Authored by ali.alzyod on Jun 22 2019, 1:18 AM.

Details

Summary

This function has no special processing when copy data, so using memcpy can enhance performance

Test Plan
#include <stdio.h>
#include <stdlib.h>
#include <time.h>
#include <string.h>

typedef unsigned int       DATA32;

static void
oldFunc(DATA32 *src, DATA32 *dst, size_t len)
{
   DATA32 *dst_end = dst + len;
   while (dst < dst_end)
      *dst++ = *src++;
}

static void
newFunc(DATA32 *src, DATA32 *dst, size_t len)
{
   memcpy(dst, src, len * sizeof(DATA32));
}

int main()
{

   int counter = 1000;
   srand(time(NULL));
   DATA32 src[50000] = {0};
   DATA32 dst[50000] = {0};

   for (int i = 0; i < 50000; i++)
      src[i] = rand();

   clock_t start, end;
   double total_Time1 = 0;
   int i;

   start = clock();
   for (i = 0; i < counter; i++)
      oldFunc(src, dst, 50000);
   end = clock();
   total_Time1 = ((double)(end - start)) / CLOCKS_PER_SEC;
   printf("original = %f \n", total_Time1);

   start = clock();
   for (i = 0; i < counter; i++)
      newFunc(src, dst, 50000);
   end = clock();
   total_Time1 = ((double)(end - start)) / CLOCKS_PER_SEC;
   printf("modified = %f \n", total_Time1);
}

Diff Detail

Repository
rEFL core/efl
Lint
Automatic diff as part of commit; lint not applicable.
Unit
Automatic diff as part of commit; unit tests not applicable.
ali.alzyod created this revision.Jun 22 2019, 1:18 AM

It seems that this patch has no reviewers specified. If you are unsure who can review your patch, please check this wiki page and see if anyone can be added: https://phab.enlightenment.org/w/maintainers_reviewers/

ali.alzyod requested review of this revision.Jun 22 2019, 1:18 AM
vtorri added a subscriber: vtorri.Jun 22 2019, 3:34 AM

what about making this function inline ?

what about making this function inline ?

I can not tell it may need more investigation, but I think it is guarantee change memory copy technique will speed up the process

Hermet requested changes to this revision.Jun 25 2019, 12:36 AM
Hermet added a subscriber: Hermet.

this c implmentation could be compared with simd implementation.
So, hjust leave it as it does, even memcpy() is not better than current one.

If you see memcpy()

00035 if ((uintptr_t)dst % sizeof(long) == 0 &&
00036 (uintptr_t)src % sizeof(long) == 0 &&
00037 len % sizeof(long) == 0) {
00038
00039 long *d = dst;
00040 const long *s = src;
00041
00042 for (i=0; i<len/sizeof(long); i++) {
00043 d[i] = s[i];
00044 }
00045 }
00046 else {
00047 char *d = dst;
00048 const char *s = src;
00049
00050 for (i=0; i<len; i++) {
00051 d[i] = s[i];
00052 }
00053 }
00054

This revision now requires changes to proceed.Jun 25 2019, 12:36 AM
ali.alzyod edited the test plan for this revision. (Show Details)Jun 25 2019, 12:56 AM
ali.alzyod edited the test plan for this revision. (Show Details)Jun 25 2019, 1:25 AM
ali.alzyod added a comment.EditedJun 25 2019, 1:29 AM

@Hermet Please run test code, you can see will notice the speedup (without optimization flags).

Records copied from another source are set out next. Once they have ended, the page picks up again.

(* Let $\bm y=\bm X\bm\beta+\bm z$, where $\bm X\in\mathbb{R}^{n\times p}$ is deterministic of full column rank with unit-norm columns $\bm x_1,\dots,\bm x_p$, $\bm\beta\in\mathbb{R}^p$, and $\bm z\sim N_n(\bm 0,\sigma^2\bm I_n)$. Let $\bm\Sigma=\bm X^\top\bm X$ and, for a fixed $\lambda>0$, $\bm\Sigma_\lambda=\bm\Sigma+\lambda\bm I_p$. Let $\bm s\in\mathbb{R}^p$ have nonnegative entries with $\bm\Sigma-\operatorname{diag}(\bm s)$ positive semidefinite, and let $\widetilde{\bm X}=[\widetilde{\bm x}_1,\dots,\widetilde{\bm x}_p]\in\mathbb{R}^{n\times p}$ be a fixed matrix with $\widetilde{\bm X}^\top\bm X=\bm\Sigma-\operatorname{diag}(\bm s)$ and $\widetilde{\bm x}_j^\top\widetilde{\bm x}_j=1$ for all $j$. Define $\widehat{\bm\beta}_\lambda=\bm\Sigma_\lambda^{-1}\bm X^\top\bm y$ and $\widetilde\beta_{\lambda j}=\widehat\beta_{\lambda j}+[\bm\Sigma_\lambda^{-1}]_{jj}(\widetilde{\bm x}_j^\top\bm y-\bm x_j^\top\bm y)$. If $\beta_j=0$, then $(\widehat\beta_{\lambda j},\widetilde\beta_{\lambda j})\stackrel{d}{=}(\widetilde\beta_{\lambda j},\widehat\beta_{\lambda j})$.
   Context: $[\bm A]_{jj}$ denotes the $j$-th diagonal entry of a matrix $\bm A$; $\stackrel{d}{=}$ denotes equality in distribution. *)

From HB Require Import structures.
From mathcomp Require Import all_boot all_order all_algebra.
From mathcomp Require Import all_classical all_reals all_analysis.
Set Implicit Arguments. Unset Strict Implicit. Unset Printing Implicit Defensive.
Import Order.TTheory GRing.Theory Num.Theory.
Local Open Scope classical_set_scope.
Local Open Scope ring_scope.

(* z = (z_1,...,z_n) ~ N_n(0, sigma^2 I_n): the coordinates are measurable,
   each has law N(0, sigma^2) (normal_prob 0 sigma: mean 0, std. dev. sigma),
   and they are mutually independent (product rule for every family of
   measurable sets; taking A i = setT recovers every subfamily). *)
Definition iid_gaussian_vector {d} {T : measurableType d} {R : realType}
  (P : probability T R) (n : nat) (sigma : R) (z : 'I_n -> T -> R) : Prop :=
  [/\ (forall i, measurable_fun setT (z i)),
      (forall i (A : set R), measurable A ->
          P (z i @^-1` A) = normal_prob 0 sigma A) &
      (forall A : 'I_n -> set R, (forall i, measurable (A i)) ->
          P [set t | forall i, A i (z i t)] =
          (\prod_(i < n) P (z i @^-1` A i))%E)].

Definition eq_in_law2 {d} {T : measurableType d} {R : realType}
  (P : probability T R) (U V : T -> R * R) : Prop :=
  forall A : set (R * R), measurable A -> P (U @^-1` A) = P (V @^-1` A).

Definition psd {R : realType} {p : nat} (M : 'M[R]_p) : Prop :=
  forall v : 'cV[R]_p, 0 <= (v^T *m M *m v) 0 0.

From HB Require Import structures.
From mathcomp Require Import all_boot all_order all_algebra.
From mathcomp Require Import all_classical all_reals all_analysis.
From mathcomp Require Import measurable_realfun ring.
Import Order.TTheory GRing.Theory Num.Theory.
Local Open Scope classical_set_scope.
Local Open Scope ring_scope.
Set Implicit Arguments. Unset Strict Implicit. Unset Printing Implicit Defensive.

(* Both estimates are affine in the noise, [m + sum_i u_i z_i] and
   [m + sum_i v_i z_i], with the same constant m because beta_j = 0, and the
   knockoff constraints force |u| = |v|.  The law of a pair of linear forms
   (sum_i a_i z_i, sum_i b_i z_i) in i.i.d. N(0, sigma^2) variables depends only
   on the Gram matrix of (a, b): adding the coordinates one at a time, a plane
   rotation keeps the pair in the form (alpha X, beta X + gamma Y) with X, Y
   i.i.d. N(0, sigma^2) and (alpha, beta, gamma) a Cholesky factor of the Gram
   matrix.  Rotation invariance of the Gaussian comes from the translation
   invariance of Lebesgue measure, a rotation being a product of three shears.
   When |a| = |b| the Gram matrix is invariant under swapping a and b. *)

(** * Lebesgue measure: translations, shears and rotations *)

Section lebesgue_translation.
Context {R : realType}.
Local Notation mu := (@lebesgue_measure R).
Local Notation Rm := (measurableTypeR R).

Lemma measurable_addrc (c : R) : measurable_fun setT (fun x : R => x + c).
Proof. exact: measurable_funD. Qed.

Lemma lebesgue_measure_addrc (c : R) (A : set R) : measurable A ->
  mu ((fun x => x + c) @^-1` A) = mu A.
Proof.
move=> mA.
unshelve epose (nu := pushforward mu (fun x : Rm => x + c : Rm)
  : {measure set Rm -> \bar R}); first exact: measurable_addrc.
rewrite [RHS](@lebesgue_measure_unique R nu _ _ mA) //.
move=> _ [[a b] _ <-] /=; rewrite /pushforward /=.
have -> : (fun x => x + c) @^-1` `]a, b] = `]a - c, b - c]%classic.
  by apply/seteqP; split => x /=; rewrite !in_itv /= ?lerBrDr ?ltrBlDr.
rewrite !lebesgue_measure_itv /= !lte_fin ltrD2r.
by case: ifP => // _; rewrite -!EFinD opprB addrA subrK.
Qed.

Lemma ge0_integral_addrc (c : R) (h : R -> \bar R) :
  measurable_fun setT h -> (forall x, 0 <= h x)%E ->
  (\int[mu]_x h (x + c)%R = \int[mu]_x h x)%E.
Proof.
move=> mh h0.
have mf : measurable_fun setT (fun x : Rm => x + c : Rm) by exact: measurable_addrc.
transitivity (\int[pushforward mu (fun x : Rm => (x + c)%R : Rm)]_x h x)%E.
  by rewrite ge0_integral_pushforward.
apply: eq_measure_integral => A mA _.
exact: lebesgue_measure_addrc.
Qed.

End lebesgue_translation.

Section lebesgue_shear.
Context {R : realType}.
Local Notation mu := (@lebesgue_measure R).
Local Notation Rm := (measurableTypeR R).

Lemma measurable_lincomb2 (a b : R) :
  measurable_fun setT (fun p : Rm * Rm => a * p.1 + b * p.2 : Rm).
Proof.
apply: measurable_funD.
- by apply: measurable_funM => //; exact: measurable_fst.
- by apply: measurable_funM => //; exact: measurable_snd.
Qed.

Lemma measurable_uncurry_linear (H : R -> R -> \bar R) (a b c e : R) :
  measurable_fun setT (fun p : Rm * Rm => H p.1 p.2) ->
  measurable_fun setT (fun p : Rm * Rm => H (a * p.1 + b * p.2) (c * p.1 + e * p.2)).
Proof.
move=> mH.
exact: measurableT_comp mH
  (measurable_fun_pair (measurable_lincomb2 a b) (measurable_lincomb2 c e)).
Qed.

Variable H : R -> R -> \bar R.
Hypothesis mH : measurable_fun setT (fun p : Rm * Rm => H p.1 p.2).
Hypothesis H_ge0 : forall x y, (0 <= H x y)%E.

Lemma ge0_integral2_shear_snd (q : R) :
  (\int[mu]_x \int[mu]_y H x (y + q * x) = \int[mu]_x \int[mu]_y H x y)%E.
Proof.
apply: eq_integral => x _.
exact: ge0_integral_addrc (measurable_fun_pair2 x mH) (H_ge0 x).
Qed.

Lemma ge0_integral2_shear_fst (t : R) :
  (\int[mu]_x \int[mu]_y H (x + t * y) y = \int[mu]_x \int[mu]_y H x y)%E.
Proof.
have mHt : measurable_fun setT (fun p : Rm * Rm => H (p.1 + t * p.2) p.2).
  have := measurable_uncurry_linear 1 t 0 1 mH.
  by under eq_fun do rewrite !mul1r mul0r add0r.
rewrite (fubini_tonelli _ mHt) ?(fubini_tonelli _ mH) /=; try by move=> p; exact: H_ge0.
apply: eq_integral => y _.
exact: ge0_integral_addrc (measurable_fun_pair1 y mH) (H_ge0^~ y).
Qed.

End lebesgue_shear.

Section lebesgue_rotation.
Context {R : realType}.
Local Notation mu := (@lebesgue_measure R).
Local Notation Rm := (measurableTypeR R).

(* A rotation by an angle in [-pi/2, pi/2] is the product of three shears
   with parameters t, -s, t where t = s / (1 + c). *)
Lemma ge0_integral2_rotation (H : R -> R -> \bar R) (c s : R) :
  measurable_fun setT (fun p : Rm * Rm => H p.1 p.2) ->
  (forall x y, 0 <= H x y)%E -> c ^+ 2 + s ^+ 2 = 1 -> 0 <= c ->
  (\int[mu]_x \int[mu]_y H (c * x + s * y)%R (- s * x + c * y)%R =
   \int[mu]_x \int[mu]_y H x y)%E.
Proof.
move=> mH H0 cs c0.
have c1 : 1 + c != 0 by rewrite gt_eqF // ltr_wpDr.
pose t := s / (1 + c).
have tc : t * (1 + c) = s by rewrite divfK.
have ts : t * s = 1 - c.
  apply: (mulIf c1); rewrite -mulrA [s * _]mulrC mulrA tc.
  by transitivity (1 - c ^+ 2); [rewrite -cs | ]; ring.
pose H1 x y := H (x + t * y) y.
pose H2 x y := H1 x (y + - s * x).
have mH1 : measurable_fun setT (fun p : Rm * Rm => H1 p.1 p.2).
  have := measurable_uncurry_linear 1 t 0 1 mH.
  by under eq_fun do rewrite !mul1r mul0r add0r.
have mH2 : measurable_fun setT (fun p : Rm * Rm => H2 p.1 p.2).
  have := measurable_uncurry_linear 1 0 (- s) 1 mH1.
  by under eq_fun do rewrite !mul1r mul0r addr0 addrC.
transitivity (\int[mu]_x \int[mu]_y H2 (x + t * y)%R y)%E.
  apply: eq_integral => x _; apply: eq_integral => y _; rewrite /H2 /H1.
  have ce : c = 1 - t * s by rewrite ts; ring.
  congr H; last by rewrite [c in LHS]ce; ring.
  by rewrite -[s in s * y]tc [c in LHS]ce; ring.
rewrite ge0_integral2_shear_fst //; last by move=> x y; exact: H0.
rewrite /H2 ge0_integral2_shear_snd //; last by move=> x y; exact: H0.
exact: ge0_integral2_shear_fst.
Qed.

End lebesgue_rotation.

(** * Rotation invariance of the centered normal distribution *)

Section normal_density.
Context {R : realType} (sigma : R).
Local Notation mu := (@lebesgue_measure R).
Local Notation N := (normal_prob 0 sigma).
Local Notation phi := (normal_pdf 0 sigma).

Lemma ge0_integral_normal_prob (F : R -> \bar R) :
  measurable_fun setT F -> (forall x, 0 <= F x)%E ->
  (\int[N]_x F x = \int[mu]_x (F x * (phi x)%:E))%E.
Proof.
move=> mF F0.
(* [N] is defined by its density [phi]; the library's change of variables is
   stated for the Radon-Nikodym derivative, which is [phi] almost everywhere. *)
have Nmu := normal_prob_dominates 0 sigma.
set g := Radon_Nikodym_SigmaFinite.f N mu.
have mg : measurable_fun setT g.
  exact: measurable_int (Radon_Nikodym_SigmaFinite.f_integrable Nmu).
have g0 := Radon_Nikodym_SigmaFinite.f_ge0 Nmu.
have gE : ae_eq mu setT (fun x => (phi x)%:E) g.
  apply: integral_ae_eq => //; first exact: integrable_normal_pdf.
  move=> A _ mA.
  by rewrite -(Radon_Nikodym_SigmaFinite.f_integral Nmu mA) /normal_prob.
transitivity (\int[mu]_x (F x * g x))%E.
  exact/esym/(Radon_Nikodym_SigmaFinite.change_of_variables Nmu F0 measurableT mF).
apply: ge0_ae_eq_integral => //.
- exact: emeasurable_funM.
- apply: emeasurable_funM => //.
  by apply/measurable_EFinP; exact: measurable_normal_pdf.
- by move=> x _; rewrite mule_ge0.
- by move=> x _; rewrite mule_ge0 // lee_fin normal_pdf_ge0.
- exact/ae_eqe_mul2l/ae_eq_sym.
Qed.

End normal_density.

No optimization/ or default optimization:

original = 0.107935
modified = 0.011056

-O3 optimization or -Ofast

No real speed up

So it may be good when we do not use optimization flags for local build

ali.alzyod requested review of this revision.Jun 25 2019, 1:29 AM
ali.alzyod abandoned this revision.Jun 25 2019, 3:10 AM
ali.alzyod changed the visibility from "Public (No Login Required)" to "No One".Jun 25 2019, 3:31 AM
ali.alzyod reclaimed this revision.Jun 25 2019, 3:34 AM
ali.alzyod changed the visibility from "No One" to "Public (No Login Required)".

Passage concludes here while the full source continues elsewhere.